Latitudes of Longing is the book you shouldn’t miss reading this year. It is Shubhangi Swarup’s tale of intense longing set across landscapes as varied as the Andamans and Siachen. There’s an otherworldly feel to the novel that made me loathe to step out of it. I didn’t want to leave that world, so intricately connected to Nature and the earth. Shubhangi’s words have the rhythm and flow of a seasoned storyteller and this certainly doesn’t feel like her debut novel. Her style of writing is light as a whisper and as soulful as an evening prayer.
There are four different stories, each one exploring the life of a different person and set in a different part of the country. Rather than see it as four separate stories, it makes sense to see it as a continuous thread, one that meanders like a stream through four lives. All four are linked tenuously to each other, but that connection is woven subtly into the narrative. The novel has four sections – Islands, Faultline, Valley and Snowdesert.
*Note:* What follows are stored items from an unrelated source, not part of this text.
(* Let $G=(V,E)$ be a graph that is strongly reconstructible in $\mathbb{C}^d$, and suppose that a pair of vertices $u,v\in V$ is globally linked in $G$ in $\mathbb{C}^d$. Then $G'=G+uv$ is strongly reconstructible in $\mathbb{C}^d$. Moreover, if $G$ is fully reconstructible in $\mathbb{C}^d$, then so is $G'$.
   Context: $G+uv$ denotes the graph obtained from $G$ by adding the edge $uv$. For $p:V\to\mathbb{C}^d$, $m_{uv}(p)=\sum_{k=1}^d(p(u)_k-p(v)_k)^2$ (defined for any vertex pair); a framework is generic if its coordinates are algebraically independent over $\mathbb{Q}$; $(G,p),(G,q)$ are equivalent if $m_{e}(p)=m_e(q)$ for all edges $e$; $(G,p),(H,q)$ are length-equivalent under a bijection $\psi:E(G)\to E(H)$ if $m_e(p)=m_{\psi(e)}(q)$ for all $e\in E(G)$. A pair $\{u,v\}$ is globally linked in $G$ in $\mathbb{C}^d$ if for every generic $(G,p)$ in $\mathbb{C}^d$ and every equivalent $(G,q)$ in $\mathbb{C}^d$, $m_{uv}(p)=m_{uv}(q)$. A generic $(G,p)$ in $\mathbb{C}^d$ is strongly reconstructible if for every graph $H$ with the same number of vertices as $G$ and every generic $(H,q)$ in $\mathbb{C}^d$ length-equivalent to $(G,p)$ under some $\psi$, there is an isomorphism $\varphi:V(G)\to V(H)$ with $\psi(xy)=\varphi(x)\varphi(y)$ for all $xy\in E(G)$. Fully reconstructible is defined the same way for $G$ without isolated vertices, but with $H$ ranging over all graphs without isolated vertices (any number of vertices). A graph is strongly (fully) reconstructible in $\mathbb{C}^d$ if all its generic realizations in $\mathbb{C}^d$ are. *)

From mathcomp Require Import all_boot all_order all_algebra.
From Stdlib Require Import Reals.
From mathcomp Require Import Rstruct.
From mathcomp.real_closed Require Import complex.
From mathcomp Require Import mpoly.

Set Implicit Arguments. Unset Strict Implicit. Unset Printing Implicit Defensive.
Import GRing.Theory.
Local Open Scope ring_scope.

Definition CC : numClosedFieldType := complex R.

Definition simple_graph (V : finType) (E : {set {set V}}) : Prop :=
  forall e, e \in E -> #|e| = 2%N.

Definition no_isolated (V : finType) (E : {set {set V}}) : Prop :=
  forall x : V, exists2 e, e \in E & x \in e.

Definition sqlen (d : nat) (V : finType) (p : V -> 'I_d -> CC) (x y : V) : CC :=
  \sum_(k < d) (p x k - p y k) ^+ 2.

Definition coords (d : nat) (V : finType) (p : V -> 'I_d -> CC)
  (i : 'I_#|{: V * 'I_d}|) : CC :=
  let vk := enum_val i in p vk.1 vk.2.

Definition generic (d : nat) (V : finType) (p : V -> 'I_d -> CC) : Prop :=
  forall P : {mpoly rat[#|{: V * 'I_d}|]},
    P != 0 -> (map_mpoly (ratr : rat -> CC) P).@[coords p] != 0.

Definition equivalent (d : nat) (V : finType) (E : {set {set V}})
  (p q : V -> 'I_d -> CC) : Prop :=
  forall x y, [set x; y] \in E -> sqlen p x y = sqlen q x y.

Definition globally_linked (d : nat) (V : finType) (E : {set {set V}}) (u v : V) : Prop :=
  forall p q : V -> 'I_d -> CC, generic p -> equivalent E p q ->
    sqlen p u v = sqlen q u v.

Definition edge_bij (V W : finType) (E : {set {set V}}) (F : {set {set W}})
  (psi : {set V} -> {set W}) : Prop :=
  {in E &, injective psi} /\ psi @: E = F.

Definition length_equiv (d : nat) (V W : finType) (E : {set {set V}})
  (p : V -> 'I_d -> CC) (q : W -> 'I_d -> CC) (psi : {set V} -> {set W}) : Prop :=
  forall x y x' y', [set x; y] \in E -> psi [set x; y] = [set x'; y'] ->
    sqlen p x y = sqlen q x' y'.

Definition induced_by_iso (V W : finType) (E : {set {set V}})
  (psi : {set V} -> {set W}) : Prop :=
  exists phi : V -> W, bijective phi /\ forall e, e \in E -> psi e = phi @: e.

Definition strongly_reconstructible_fw (d : nat) (V : finType) (E : {set {set V}})
  (p : V -> 'I_d -> CC) : Prop :=
  forall (W : finType) (F : {set {set W}}) (q : W -> 'I_d -> CC)
         (psi : {set V} -> {set W}),
    #|W| = #|V| -> simple_graph F -> generic q ->
    edge_bij E F psi -> length_equiv E p q psi -> induced_by_iso E psi.

Definition strongly_reconstructible (d : nat) (V : finType) (E : {set {set V}}) : Prop :=
  forall p : V -> 'I_d -> CC, generic p -> strongly_reconstructible_fw E p.

Definition fully_reconstructible_fw (d : nat) (V : finType) (E : {set {set V}})
  (p : V -> 'I_d -> CC) : Prop :=
  forall (W : finType) (F : {set {set W}}) (q : W -> 'I_d -> CC)
         (psi : {set V} -> {set W}),
    simple_graph F -> no_isolated F -> generic q ->
    edge_bij E F psi -> length_equiv E p q psi -> induced_by_iso E psi.

Definition fully_reconstructible (d : nat) (V : finType) (E : {set {set V}}) : Prop :=
  no_isolated E /\
  forall p : V -> 'I_d -> CC, generic p -> fully_reconstructible_fw E p.

From mathcomp Require Import all_boot all_order all_algebra.
From mathcomp Require Import mpoly.
Set Implicit Arguments. Unset Strict Implicit. Unset Printing Implicit Defensive.
Import GRing.Theory.
Local Open Scope ring_scope.

(* Restricting psi to the edges of G, reconstructibility of G yields a vertex
   map phi inducing psi on E.  Then q o phi is a generic realization of G
   equivalent to p, so global linkedness of uv gives |phi(u) phi(v)|_q = |uv|_p,
   which by length-equivalence is also the length of the edge psi(uv).  In a
   generic realization distinct vertex pairs have distinct squared lengths,
   hence psi(uv) = phi(u) phi(v).  In the fully reconstructible case every
   target vertex lies on an edge psi(e) = phi(e), so phi is onto. *)

Lemma comp_mpolyA (R : comRingType) (n k l : nat) (p : {mpoly R[n]})
  (lq : n.-tuple {mpoly R[k]}) (lr : k.-tuple {mpoly R[l]}) :
  (p \mPo lq) \mPo lr = p \mPo [tuple tnth lq i \mPo lr | i < n].
Proof.
rewrite [p]mpolyE (raddf_sum (comp_mpoly lq)) !(raddf_sum (comp_mpoly _)).
apply/eq_bigr => m _; rewrite /= !comp_mpolyZ !comp_mpolyX rmorph_prod.
by congr (_ *: _); apply/eq_bigr => i _; rewrite rmorphXn tnth_map tnth_ord_tuple.
Qed.

Lemma map_mpolyXU (R S : nzRingType) (f : {rmorphism R -> S}) (n : nat) (i : 'I_n) :
  map_mpoly f 'X_i = 'X_i.
Proof. exact: map_mpolyX. Qed.

Section Generic.
Variables (d : nat) (W : finType).

Lemma generic_comp_inj (W' : finType) (h : W' -> W) (q : W -> 'I_d -> CC) :
  injective h -> generic q -> generic (fun x => q (h x)).
Proof.
move=> h_inj gen_q P P_neq0.
pose g (i : 'I_#|{: W' * 'I_d}|) := enum_rank (h (enum_val i).1, (enum_val i).2).
have g_inj : injective g.
  move=> i j /enum_rank_inj [/h_inj eq1 eq2]; apply: enum_val_inj.
  by move: eq1 eq2; case: (enum_val i) => ? ?; case: (enum_val j) => ? ? /= -> ->.
pose t := [tuple ('X_(g i) : {mpoly rat[#|{: W * 'I_d}|]}) | i < #|{: W' * 'I_d}|].
pose t_inv := [tuple (if [pick i | g i == j] is Some i then 'X_i else 0)
  : {mpoly rat[#|{: W' * 'I_d}|]} | j < #|{: W * 'I_d}|].
(* The renaming X_i |-> X_(g i) has a left inverse, so it keeps P nonzero. *)
have t_invK : (P \mPo t) \mPo t_inv = P.
  rewrite comp_mpolyA -[RHS]comp_mpoly_id; congr comp_mpoly.
  apply: eq_from_tnth => i; rewrite !tnth_map !tnth_ord_tuple comp_mpolyXU.
  rewrite -tnth_nth tnth_map tnth_ord_tuple.
  by case: pickP => [j /eqP /g_inj -> // | /(_ i)]; rewrite eqxx.
have Pt_neq0 : P \mPo t != 0.
  by apply: contraNneq P_neq0 => Pt0; rewrite -t_invK Pt0 comp_mpoly0.
have := gen_q _ Pt_neq0.
rewrite map_mpoly_comp; last exact: fmorph_inj.
rewrite comp_mpoly_meval; congr (_ != 0); apply: meval_eq => i.
rewrite !tnth_map tnth_ord_tuple map_mpolyXU mevalXU /coords /g enum_rankK /=.
by case: (enum_val i).
Qed.

Definition sqlen_mpoly (R : comRingType) (a b : W) : {mpoly R[#|{: W * 'I_d}|]} :=
  \sum_(k < d) ('X_(enum_rank (a, k)) - 'X_(enum_rank (b, k))) ^+ 2.

Lemma map_sqlen_mpoly (R S : comRingType) (f : {rmorphism R -> S}) (a b : W) :
  map_mpoly f (sqlen_mpoly R a b) = sqlen_mpoly S a b.
Proof.
rewrite rmorph_sum; apply: eq_bigr => k _.
by rewrite rmorphXn rmorphB /= !map_mpolyXU.
Qed.

Lemma meval_sqlen_mpoly (R : comRingType) (f : W * 'I_d -> R) (a b : W) :
  (sqlen_mpoly R a b).@[f \o enum_val] = \sum_(k < d) (f (a, k) - f (b, k)) ^+ 2.
Proof.
rewrite raddf_sum; apply: eq_bigr => k _.
by rewrite /= rmorphXn rmorphB /= !mevalXU /= !enum_rankK.
Qed.

Lemma sqlen_mpoly_neq (a b c e : W) : (0 < d)%N -> a != b -> a \notin [set c; e] ->
  sqlen_mpoly rat a b != sqlen_mpoly rat c e.
Proof.
rewrite !inE negb_or => d_gt0 ab /andP[ac ae].
(* At the indicator of [a] the left side evaluates to [d], the right one to 0. *)
pose at_a (xk : W * 'I_d) : rat := (xk.1 == a)%:R.
apply: contraTneq d_gt0 => /(congr1 (meval (at_a \o enum_val))).
rewrite !meval_sqlen_mpoly /at_a /= eqxx ![_ == a]eq_sym (negbTE ab) (negbTE ac).
rewrite (negbTE ae) subr0 subrr expr1n expr0n /= big1_eq sumr_const card_ord.
by move/eqP; rewrite Num.Theory.pnatr_eq0 => /eqP ->.
Qed.

Lemma sqlen_sym (q : W -> 'I_d -> CC) (a b : W) : sqlen q a b = sqlen q b a.
Proof. by apply: eq_bigr => k _; rewrite -opprB sqrrN. Qed.

Variable q : W -> 'I_d -> CC.
Hypothesis gen_q : generic q.

Lemma generic_sqlen_neq (a b c e : W) : (0 < d)%N -> a != b -> a \notin [set c; e] ->
  sqlen q a b != sqlen q c e.
Proof.
move=> d_gt0 ab ace.
rewrite -subr_eq0; have := gen_q (_ : sqlen_mpoly rat a b - sqlen_mpoly rat c e != 0).
rewrite rmorphB /= !map_sqlen_mpoly mevalB.
rewrite !(meval_sqlen_mpoly (fun xk => q xk.1 xk.2)); apply.
by rewrite subr_eq0 sqlen_mpoly_neq.
Qed.

Lemma generic_sqlen_inj (a b c e : W) : (0 < d)%N -> a != b -> c != e ->
  sqlen q a b = sqlen q c e -> [set a; b] = [set c; e].
Proof.
move=> d_gt0 ab ce ab_ce.
have a_ce : a \in [set c; e].
  by apply: contraT => /(generic_sqlen_neq d_gt0 ab); rewrite ab_ce eqxx.
have b_ce : b \in [set c; e].
  have ba : b != a by rewrite eq_sym.
  by apply: contraT => /(generic_sqlen_neq d_gt0 ba); rewrite sqlen_sym ab_ce eqxx.
apply/eqP; rewrite eqEcard !cards2 ab ce andbT.
by apply/subsetP => x /set2P[] ->.
Qed.

End Generic.

Section Restriction.
Variables (d : nat) (V : finType) (E : {set {set V}}) (p : V -> 'I_d -> CC).

Lemma length_equiv_sub (W : finType) (E1 : {set {set V}}) (q : W -> 'I_d -> CC)
    (psi : {set V} -> {set W}) :
  E1 \subset E -> length_equiv E p q psi -> length_equiv E1 p q psi.
Proof. by move=> /subsetP E1E le x y x' y' /E1E; apply: le. Qed.

Lemma edge_bij_card2 (W : finType) (F : {set {set W}}) (psi : {set V} -> {set W}) :
  edge_bij E F psi -> simple_graph F -> {in E, forall e, #|psi e| = 2}.
Proof. by move=> [_ <-] simF e eE; apply/simF/imset_f. Qed.

Lemma strongly_reconstructible_fw_image (W : finType) (q : W -> 'I_d -> CC)
    (psi : {set V} -> {set W}) :
  strongly_reconstructible_fw E p -> #|W| = #|V| -> generic q ->
  {in E &, injective psi} -> {in E, forall e, #|psi e| = 2} ->
  length_equiv E p q psi ->
  exists2 phi : V -> W, bijective phi & {in E, forall e, psi e = phi @: e}.
Proof.
move=> SR cardW gen_q psi_inj psi2 le.
have simF : simple_graph (psi @: E) by move=> _ /imsetP[e eE ->]; apply: psi2.
by have [phi [??]] := SR W _ q psi cardW simF gen_q (conj psi_inj erefl) le; exists phi.
Qed.

Lemma fully_reconstructible_fw_image (W : finType) (q : W -> 'I_d -> CC)
    (psi : {set V} -> {set W}) :
  fully_reconstructible_fw E p -> generic q ->
  {in E &, injective psi} -> {in E, forall e, #|psi e| = 2} ->
  length_equiv E p q psi ->
  exists2 phi : V -> W, injective phi & {in E, forall e, psi e = phi @: e}.
Proof.
move=> FR gen_q psi_inj psi2 le.
(* Full reconstructibility needs a target without isolated vertices: keep
   only the vertices covered by psi(E). *)
pose W' := {w : W | [exists e in E, w \in psi e]}.
pose psi' (e : {set V}) := [set w : W' | val w \in psi e].
have psiE e : e \in E -> psi e = val @: psi' e.
  move=> eE; apply/setP => w; apply/idP/imsetP => [we | [w' + ->]]; last by rewrite inE.
  have w_cov : [exists e in E, w \in psi e] by apply/existsP; exists e; rewrite eE.
  by exists (exist _ w w_cov); rewrite ?inE.
have simF : simple_graph (psi' @: E).
  by move=> _ /imsetP[e eE ->]; rewrite -(card_imset _ val_inj) -psiE ?psi2.
have nisoF : no_isolated (psi' @: E).
  move=> w; have /existsP[e /andP[eE we]] := valP w.
  by exists (psi' e); rewrite ?imset_f ?inE.
have psi'_inj : {in E &, injective psi'}.
  by move=> e f eE fE psi'ef; apply: psi_inj; rewrite ?psiE ?psi'ef.
have le' : length_equiv E p (fun w => q (val w)) psi'.
  move=> x y x' y' xyE psi'xy; apply: (le _ _ _ _ xyE).
  by rewrite psiE // psi'xy imsetU1 imset_set1.
have [phi [/bij_inj phi_inj phiE]] := FR W' _ _ psi' simF nisoF
  (generic_comp_inj val_inj gen_q) (conj psi'_inj erefl) le'.
exists (fun x => val (phi x)) => [x y /val_inj /phi_inj // | e eE].
by rewrite psiE // phiE // -imset_comp.
Qed.

End Restriction.

Section AddedEdge.
Variables (d : nat) (V : finType) (E : {set {set V}}) (u v : V).
Hypotheses (d_gt0 : (0 < d)%N) (uv : u != v) (linked_uv : globally_linked d E u v).
Local Notation E' := (E :|: [set [set u; v]]).

Let uv_in_E' : [set u; v] \in E'.
Proof. by rewrite !inE eqxx orbT. Qed.

Lemma induced_on_added_edge (W : finType) (p : V -> 'I_d -> CC) (q : W -> 'I_d -> CC)
    (psi : {set V} -> {set W}) (phi : V -> W) :
  generic p -> generic q -> length_equiv E' p q psi -> #|psi [set u; v]| = 2 ->
  injective phi -> {in E, forall e, psi e = phi @: e} ->
  {in E', forall e, psi e = phi @: e}.
Proof.
move=> gen_p gen_q le psi_uv2 phi_inj phiE e.
rewrite inE => /orP[/phiE // | /set1P ->].
have /cards2P[x [y [xy psi_uv]]] : #|psi [set u; v]| == 2 by rewrite psi_uv2.
have len_xy : sqlen p u v = sqlen q x y by apply: le psi_uv; rewrite !inE eqxx orbT.
have len_phi : sqlen p u v = sqlen (fun w => q (phi w)) u v.
  apply: linked_uv => // a b abE; apply: le; first by rewrite inE abE.
  by rewrite phiE // imsetU1 imset_set1.
rewrite psi_uv imsetU1 imset_set1.
apply: (generic_sqlen_inj gen_q d_gt0 xy); first by rewrite (inj_eq phi_inj).
by rewrite -len_xy len_phi.
Qed.

Lemma strongly_reconstructible_add_edge :
  strongly_reconstructible d E -> strongly_reconstructible d E'.
Proof.
move=> SR p gen_p W F q psi cardW simF gen_q [psi_inj psiE'] le.
have psi2 := edge_bij_card2 (conj psi_inj psiE') simF.
have [|||phi phi_bij phiE] :=
  strongly_reconstructible_fw_image (psi := psi) (SR p gen_p) cardW gen_q.
- by move=> x y xE yE; apply: psi_inj; rewrite inE ?xE ?yE.
- by move=> e eE; apply: psi2; rewrite inE eE.
- exact: length_equiv_sub (subsetUl _ _) le.
exists phi; split=> //.
exact: induced_on_added_edge gen_p gen_q le (psi2 _ uv_in_E') (bij_inj phi_bij) phiE.
Qed.

Lemma fully_reconstructible_add_edge :
  fully_reconstructible d E -> fully_reconstructible d E'.
Proof.
move=> [nisoE FR]; split.
  by move=> x; have [e eE xe] := nisoE x; exists e; rewrite ?inE ?eE.
move=> p gen_p W F q psi simF nisoF gen_q [psi_inj psiE'] le.
have psi2 := edge_bij_card2 (conj psi_inj psiE') simF.
have [|||phi phi_inj phiE] :=
  fully_reconstructible_fw_image (psi := psi) (FR p gen_p) gen_q.
- by move=> x y xE yE; apply: psi_inj; rewrite inE ?xE ?yE.
- by move=> e eE; apply: psi2; rewrite inE eE.
- exact: length_equiv_sub (subsetUl _ _) le.
have phiE' := induced_on_added_edge gen_p gen_q le (psi2 _ uv_in_E') phi_inj phiE.
exists phi; split=> //; apply: (inj_card_bij phi_inj).
rewrite -(card_codom phi_inj); apply/subset_leq_card/subsetP => w _.
have [f] := nisoF w; rewrite -psiE' => /imsetP[e eE ->].
by rewrite phiE' // => /imsetP[x _ ->]; apply: codom_f.
Qed.

End AddedEdge.

Theorem lemma4p10 (d : nat) (V : finType) (E : {set {set V}}) (u v : V) :
  (0 < d)%N -> simple_graph E -> u != v ->
  strongly_reconstructible d E -> globally_linked d E u v ->
  strongly_reconstructible d (E :|: [set [set u; v]]) /\
  (fully_reconstructible d E -> fully_reconstructible d (E :|: [set [set u; v]])).
Proof.
move=> d_gt0 _ uv SR linked_uv; split.
  exact: strongly_reconstructible_add_edge.
exact: fully_reconstructible_add_edge.
Qed.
Each one tells a different story, yet it contains traces of the earlier narrative. The latitudes of longing extend over these four geographical areas traversing the lives of four disparate individuals.
It starts with Girija Prasad’s and Chanda Devi’s story, the one with the most longing in it. “The newly married Girija Prasad and Chanda Devi have resigned to their fate – strangers in a bedroom damp with desire and flooded with incipient dreams.”
Set in post-independent India, they have the rarest of marriages in those times- an equal one. They are as different from each other as can be; Girija Prasad is fascinated by the secrets of the earth while Chanda Devi exists on another plane, where she communes with ghosts and understands the language of trees and plants. Yet it is these very same factors which creates a bond between them. Both of them believe in the unseen- she has entry into the realm of ghosts and spirits and he is fascinated by all that the earth hides within it. He searches for the life forms existing deep within the earth and the life force of the earth itself which it hides deep within.
The narrative reflects the personalities of both the protagonists; it has the lightness of air and the earthiness of the soil, like Durga Prasad and Chanda Devi themselves. Girija Prasad loves the beauty inherent in the natural world, the water, earth and animals. Chanda Devi is an expert on unravelling the beauty of the unseen; trees talk to her and she understands the needs of ghosts and spirits. Theirs is a love story at a very elemental level, and displays one of the most unadulterated instances of love I’ve ever come across.
From Andamans the narrative slides smoothly across the Irrawady delta , crossing borders into Burma. This is Mary’s and Plato’s story, the complex relationship between a mother and a son who is tortured by the knowledge that she abandoned him at birth. This is also the story of a student revolutionary who fights the Burmese Junta. Alternatively disturbing and heartbreaking, Plato’s story is nevertheless one of hope.
Now the story jumps to neighboring Nepal, where Thapa the small-time smuggler operates. He gets a taste of normal life, but will he be able to live that life, or will he go back to his comfort zone. This is satisfactorily answered by the author through the most exquisite writing.
The final section is set in a village in the Karakoram mountains, where eighty-seven-year-old Apo stumbles across love. The starkness of their lives forms an apt backdrop for the love between Apo and Ghazala.
Shubhangi is a gifted author. She weaves magic with words and the reader is left breathless in a fantastical landscape with colour and life pulsing all around. I inhaled the rich loamy scent of the earth and the breeze that wafted in was laden with the smell of seaweed and sea. She brings alive not only the ecosystem inhabited by the characters, but also the emotions which courses through them. I could feel the complex feelings churning within Plato – sticky and visceral. There’s a deep intense connection between the world in which the protagonists live and their own internal cosmos.
The women in Shubhangi’s novel lead seemingly ordinary lives, as mother, caregiver, neighbour and grandmother, but they are strong individuals who have the strength of the earth within them. Each of them live within the system yet doesn’t let it snuff out their uniqueness. There are hardly any other characters other than the main protagonists in each story. Yet the narrative has so much happening that nowhere does it feel bare or stark.
Just like the latitudes of longing which run through their lives, there’s also a thread of gentleness and fragility which binds the characters. Plato the Burmese student revolutionary is far removed from the mild mannered Chanda Devi, yet they have a similiar core which makes them unable to mutely witness atrocities on what they hold dear.
Whatever you might have planned for this year, make reading this novel a part of it. You wouldn’t want to miss this remarkable tale of longing and loss.